Finetuning Harness: Concepts and Architecture

:::{warning} Experimental Feature: The Finetuning Harness is experimental and may change in future releases. Future versions may introduce breaking changes without notice. :::

The NeMo Agent Toolkit provides a powerful finetuning harness designed for in-situ reinforcement learning of agentic LLM workflows. This guide introduces the foundational concepts, explains the design philosophy, and provides the background knowledge needed to effectively use the harness.

What is Finetuning?

Finetuning is the process of taking a pre-trained language model and further training it on a specific task or domain. Unlike training from scratch, finetuning leverages the knowledge the model already has and adapts it for your particular use case.

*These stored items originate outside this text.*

(* Let $\alpha=c+d\rho\in\mathbb{Z}[\rho]$ with $7\le N(\alpha)\equiv 1 \pmod 6$, and suppose $\alpha$ is not an associate of any (rational) integer. Let $\ell=\gcd(c,d)$, $c'=c/\ell$, $d'=d/\ell$ and $\alpha'=c'+d'\rho$. Then $EJ_\alpha$ is an $\ell^2$-fold cover of a 6-valent first-kind Frobenius circulant (with cyclic kernel) that is isomorphic to $EJ_{\alpha'}$.
   Context: $\rho=(1+\sqrt{-3})/2$, $\mathbb{Z}[\rho]=\{x+y\rho: x,y\in\mathbb{Z}\}$ with norm $N(x+y\rho)=x^2+xy+y^2$; $\alpha,\beta$ are associates if $\alpha=\beta\rho^j$ for some integer $j$. For $N(\gamma)\ge 7$, $EJ_\gamma$ is the Cayley graph on the additive group of $\mathbb{Z}[\rho]/(\gamma)$ with connection set $\{\pm[1]_\gamma,\pm[\rho]_\gamma,\pm[\rho^2]_\gamma\}$. A $k$-fold cover of $\Gamma_2$ by $\Gamma_1$ is a surjection $V(\Gamma_1)\to V(\Gamma_2)$ restricting to bijections between neighbourhoods, with all fibres of size $k$. For $n\ge 7$, $TL_n(a,b,c)$ is the Cayley graph on $\mathbb{Z}_n$ with connection set $\{\pm[a],\pm[b],\pm[c]\}$ (these six residues distinct). A Frobenius group is a transitive, non-regular permutation group in which only the identity fixes two points; a finite one is $K\rtimes H$ with regular normal kernel $K$ and point stabiliser $H$ acting on $K$ by conjugation. A first-kind $K\rtimes H$-Frobenius graph is $\mathrm{Cay}(K,s^H)$ with $\langle s^H\rangle=K$ and $|H|$ even or $s$ an involution. A 6-valent first-kind Frobenius circulant with cyclic kernel is a 6-valent $TL_n(a,b,c)$ that is a first-kind $\mathbb{Z}_n\rtimes H$-Frobenius graph for some $H\le\mathbb{Z}_n^*$ with $\mathbb{Z}_n\rtimes H$ (acting by $[x]^{([y],[m])}=[(x+y)m]$) Frobenius with kernel $\mathbb{Z}_n$. *)

From HB Require Import structures.
From mathcomp Require Import all_boot all_order all_algebra all_fingroup.
Unset Printing Implicit Defensive.
Import GRing.Theory Num.Theory.
Local Open Scope ring_scope.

There are several approaches to finetuning:

Approach	Description	Use Case
Supervised Fine-Tuning (SFT)	Train on input-output pairs with known correct answers	When you have labeled examples of desired behavior
Reinforcement Learning (RL)	Train based on reward signals from outcomes	When you can evaluate quality but don't have "correct" answers
Direct Preference Optimization (DPO)	Train on pairs of preferred vs. rejected outputs	When you have human preference data
RLHF	RL guided by a learned reward model from human feedback	Complex alignment tasks

The finetuning harness is designed primarily for reinforcement learning approaches, where agents learn through trial and error based on reward signals.

Reinforcement Learning Fundamentals

To understand the finetuning harness, you need to understand core RL concepts. This section explains them in the context of LLM agents.

The RL Framework

Reinforcement learning is a paradigm where an agent learns to make decisions by interacting with an environment and receiving rewards.

┌─────────────────────────────────────────────────────────────────┐
│                    The RL Loop                                  │
│                                                                 │
│    ┌─────────┐    action     ┌─────────────┐                    │
│    │  Agent  │ ───────────►  │ Environment │                    │
│    │  (LLM)  │               │  (Task/API) │                    │
│    └─────────┘  ◄─────────── └─────────────┘                    │
│         ▲       state, reward                                   │
│         │                                                       │
│         └──── Agent updates policy based on rewards             │
└─────────────────────────────────────────────────────────────────┘

In the context of LLM agents:

Agent: The language model making decisions (generating text, calling tools, etc.)
Environment: The task, tools, APIs, or simulated world the agent interacts with
State: The current context (conversation history, tool outputs, etc.)
Action: The agent's response (generated text, tool call, decision)
Reward: A numerical signal indicating how well the agent performed

Policy

A policy is the agent's strategy for choosing actions given a state. For LLMs, the policy is essentially the model's probability distribution over possible next tokens given the conversation history.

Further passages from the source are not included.